### [REQUIRED ACTION]
Every line from the one with "(* A linear" to the one with "Variables (p : V -> R) (G : V -> R -> Prop).", including those two, is to be copied exactly; all other lines of the entries below are left out.
■ ■ ■ ■ ■
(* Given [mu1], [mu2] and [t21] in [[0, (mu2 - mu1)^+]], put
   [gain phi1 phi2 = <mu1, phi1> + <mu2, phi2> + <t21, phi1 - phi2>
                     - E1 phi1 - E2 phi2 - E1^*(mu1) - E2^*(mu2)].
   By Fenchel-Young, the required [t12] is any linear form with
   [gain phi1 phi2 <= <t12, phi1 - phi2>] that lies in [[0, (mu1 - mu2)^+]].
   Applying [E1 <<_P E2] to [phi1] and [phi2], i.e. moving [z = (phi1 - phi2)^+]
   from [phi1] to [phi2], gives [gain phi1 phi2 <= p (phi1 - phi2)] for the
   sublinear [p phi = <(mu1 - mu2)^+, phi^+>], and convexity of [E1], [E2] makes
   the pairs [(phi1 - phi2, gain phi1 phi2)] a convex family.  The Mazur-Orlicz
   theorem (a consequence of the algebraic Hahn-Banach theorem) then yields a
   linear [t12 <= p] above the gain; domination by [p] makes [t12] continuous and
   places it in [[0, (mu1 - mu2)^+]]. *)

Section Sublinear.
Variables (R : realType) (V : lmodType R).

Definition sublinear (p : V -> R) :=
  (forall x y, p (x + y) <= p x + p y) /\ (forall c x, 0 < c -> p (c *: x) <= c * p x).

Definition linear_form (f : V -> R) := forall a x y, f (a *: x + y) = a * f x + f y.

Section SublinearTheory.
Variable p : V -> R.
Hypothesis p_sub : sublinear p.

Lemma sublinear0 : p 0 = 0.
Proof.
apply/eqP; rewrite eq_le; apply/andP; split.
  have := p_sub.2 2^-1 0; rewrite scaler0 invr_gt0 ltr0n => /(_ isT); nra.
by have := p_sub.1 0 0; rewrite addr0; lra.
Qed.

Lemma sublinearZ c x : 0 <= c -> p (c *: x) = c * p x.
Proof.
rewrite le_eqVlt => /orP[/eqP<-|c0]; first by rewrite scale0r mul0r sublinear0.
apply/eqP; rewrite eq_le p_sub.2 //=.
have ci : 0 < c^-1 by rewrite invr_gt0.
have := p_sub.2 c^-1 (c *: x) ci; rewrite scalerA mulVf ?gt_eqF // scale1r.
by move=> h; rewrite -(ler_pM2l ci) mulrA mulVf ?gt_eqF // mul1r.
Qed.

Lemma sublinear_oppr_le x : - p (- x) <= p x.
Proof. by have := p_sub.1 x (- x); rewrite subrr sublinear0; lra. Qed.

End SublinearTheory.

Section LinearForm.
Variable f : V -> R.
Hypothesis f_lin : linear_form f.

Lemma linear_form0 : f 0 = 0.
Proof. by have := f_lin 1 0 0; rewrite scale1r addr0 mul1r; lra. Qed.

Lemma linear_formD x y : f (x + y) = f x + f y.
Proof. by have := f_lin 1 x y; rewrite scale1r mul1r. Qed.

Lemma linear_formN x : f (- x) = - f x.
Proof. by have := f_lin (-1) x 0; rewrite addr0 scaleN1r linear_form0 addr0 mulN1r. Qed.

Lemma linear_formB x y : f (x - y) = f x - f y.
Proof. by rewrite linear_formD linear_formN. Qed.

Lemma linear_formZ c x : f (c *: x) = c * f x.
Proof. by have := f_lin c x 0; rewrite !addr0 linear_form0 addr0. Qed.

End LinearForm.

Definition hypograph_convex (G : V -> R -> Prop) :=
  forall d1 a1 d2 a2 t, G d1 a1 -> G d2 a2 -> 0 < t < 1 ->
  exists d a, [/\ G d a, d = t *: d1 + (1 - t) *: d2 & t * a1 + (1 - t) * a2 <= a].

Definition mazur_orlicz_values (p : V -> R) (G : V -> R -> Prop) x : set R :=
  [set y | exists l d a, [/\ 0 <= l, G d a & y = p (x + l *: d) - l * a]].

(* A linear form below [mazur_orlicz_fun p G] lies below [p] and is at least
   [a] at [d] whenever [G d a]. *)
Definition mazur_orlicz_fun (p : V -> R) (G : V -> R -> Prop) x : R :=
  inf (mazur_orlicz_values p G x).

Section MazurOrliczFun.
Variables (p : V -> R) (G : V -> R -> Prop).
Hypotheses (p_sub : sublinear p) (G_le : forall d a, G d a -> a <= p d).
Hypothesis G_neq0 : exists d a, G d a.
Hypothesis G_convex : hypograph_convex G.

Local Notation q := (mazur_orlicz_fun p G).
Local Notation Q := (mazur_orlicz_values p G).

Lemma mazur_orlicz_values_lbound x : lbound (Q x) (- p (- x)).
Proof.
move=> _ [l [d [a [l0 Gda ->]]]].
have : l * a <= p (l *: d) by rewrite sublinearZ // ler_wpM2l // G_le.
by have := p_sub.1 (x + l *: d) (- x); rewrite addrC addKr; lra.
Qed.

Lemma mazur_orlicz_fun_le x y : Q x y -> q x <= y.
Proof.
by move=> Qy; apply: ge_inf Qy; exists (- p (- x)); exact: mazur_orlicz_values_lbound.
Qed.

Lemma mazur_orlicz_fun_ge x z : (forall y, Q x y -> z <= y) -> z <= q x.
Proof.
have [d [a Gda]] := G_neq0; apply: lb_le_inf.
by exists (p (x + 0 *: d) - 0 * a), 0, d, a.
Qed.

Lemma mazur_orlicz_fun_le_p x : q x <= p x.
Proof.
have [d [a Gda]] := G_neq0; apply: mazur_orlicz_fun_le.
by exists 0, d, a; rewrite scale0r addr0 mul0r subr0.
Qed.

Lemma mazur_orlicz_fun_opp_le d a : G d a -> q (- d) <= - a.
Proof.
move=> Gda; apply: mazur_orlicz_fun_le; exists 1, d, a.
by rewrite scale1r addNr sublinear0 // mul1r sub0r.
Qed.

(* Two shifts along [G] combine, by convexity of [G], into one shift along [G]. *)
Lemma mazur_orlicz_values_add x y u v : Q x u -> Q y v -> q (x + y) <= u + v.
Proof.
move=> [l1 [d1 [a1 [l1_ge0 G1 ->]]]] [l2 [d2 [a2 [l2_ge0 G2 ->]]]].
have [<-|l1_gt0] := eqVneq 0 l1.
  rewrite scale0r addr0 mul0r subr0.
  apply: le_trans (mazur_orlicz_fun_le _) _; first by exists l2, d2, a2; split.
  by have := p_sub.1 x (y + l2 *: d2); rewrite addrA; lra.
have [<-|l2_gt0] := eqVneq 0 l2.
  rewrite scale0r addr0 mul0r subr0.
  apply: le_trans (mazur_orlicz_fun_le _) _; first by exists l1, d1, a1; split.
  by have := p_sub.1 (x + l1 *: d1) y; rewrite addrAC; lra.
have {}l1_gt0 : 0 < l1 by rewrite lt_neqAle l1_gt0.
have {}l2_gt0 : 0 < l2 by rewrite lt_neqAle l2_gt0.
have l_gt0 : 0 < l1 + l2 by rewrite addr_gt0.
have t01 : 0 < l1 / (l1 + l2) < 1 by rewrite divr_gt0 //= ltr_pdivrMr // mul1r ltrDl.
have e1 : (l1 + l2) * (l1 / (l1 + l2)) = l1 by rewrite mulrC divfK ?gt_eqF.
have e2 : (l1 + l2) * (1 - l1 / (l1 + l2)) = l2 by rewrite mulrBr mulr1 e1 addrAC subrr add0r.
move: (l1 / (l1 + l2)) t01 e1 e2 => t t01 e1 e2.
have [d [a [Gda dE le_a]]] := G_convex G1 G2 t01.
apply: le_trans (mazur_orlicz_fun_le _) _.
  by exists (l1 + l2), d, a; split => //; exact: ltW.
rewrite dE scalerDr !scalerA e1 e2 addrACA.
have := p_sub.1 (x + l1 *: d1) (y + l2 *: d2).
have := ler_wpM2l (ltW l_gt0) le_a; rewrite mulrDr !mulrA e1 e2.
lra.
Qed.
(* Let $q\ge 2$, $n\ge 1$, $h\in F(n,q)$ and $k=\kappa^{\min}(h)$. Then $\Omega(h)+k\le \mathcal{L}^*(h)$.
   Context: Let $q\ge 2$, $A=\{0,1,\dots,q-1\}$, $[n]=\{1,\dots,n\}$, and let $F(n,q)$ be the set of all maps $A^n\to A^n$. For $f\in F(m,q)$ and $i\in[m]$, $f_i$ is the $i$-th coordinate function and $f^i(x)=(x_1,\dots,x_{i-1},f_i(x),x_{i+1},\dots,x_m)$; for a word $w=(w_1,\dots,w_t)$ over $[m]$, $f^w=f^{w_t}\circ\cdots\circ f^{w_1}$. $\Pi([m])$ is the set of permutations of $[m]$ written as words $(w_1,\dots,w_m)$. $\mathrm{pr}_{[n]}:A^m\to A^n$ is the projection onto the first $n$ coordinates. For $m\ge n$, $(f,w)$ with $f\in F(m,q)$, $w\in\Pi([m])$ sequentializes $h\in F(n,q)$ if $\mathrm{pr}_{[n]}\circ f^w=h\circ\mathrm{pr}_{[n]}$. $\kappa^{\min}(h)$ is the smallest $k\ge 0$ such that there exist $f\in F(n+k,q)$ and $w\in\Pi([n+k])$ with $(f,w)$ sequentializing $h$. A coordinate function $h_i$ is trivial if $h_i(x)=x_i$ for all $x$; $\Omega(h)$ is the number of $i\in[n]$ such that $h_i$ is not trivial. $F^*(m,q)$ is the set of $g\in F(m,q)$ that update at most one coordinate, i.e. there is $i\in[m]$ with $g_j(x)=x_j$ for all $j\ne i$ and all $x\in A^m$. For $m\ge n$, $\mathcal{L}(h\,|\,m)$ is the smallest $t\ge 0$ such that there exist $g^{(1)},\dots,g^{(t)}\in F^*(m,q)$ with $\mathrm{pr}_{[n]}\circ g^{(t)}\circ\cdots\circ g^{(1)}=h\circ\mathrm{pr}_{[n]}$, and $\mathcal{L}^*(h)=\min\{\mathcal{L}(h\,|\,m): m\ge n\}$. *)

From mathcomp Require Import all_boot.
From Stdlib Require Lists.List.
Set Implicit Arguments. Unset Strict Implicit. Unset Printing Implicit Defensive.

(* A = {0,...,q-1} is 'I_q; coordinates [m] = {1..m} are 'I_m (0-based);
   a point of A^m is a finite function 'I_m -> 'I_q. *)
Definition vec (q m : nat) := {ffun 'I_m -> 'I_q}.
■ ■ ■ ■ ■
### [ANSWER BOX]
(* A linear form below [mazur_orlicz_fun p G] lies below [p] and is at least
   [a] at [d] whenever [G d a]. *)
Definition mazur_orlicz_fun (p : V -> R) (G : V -> R -> Prop) x : R :=
  inf (mazur_orlicz_values p G x).

Section MazurOrliczFun.
Variables (p : V -> R) (G : V -> R -> Prop).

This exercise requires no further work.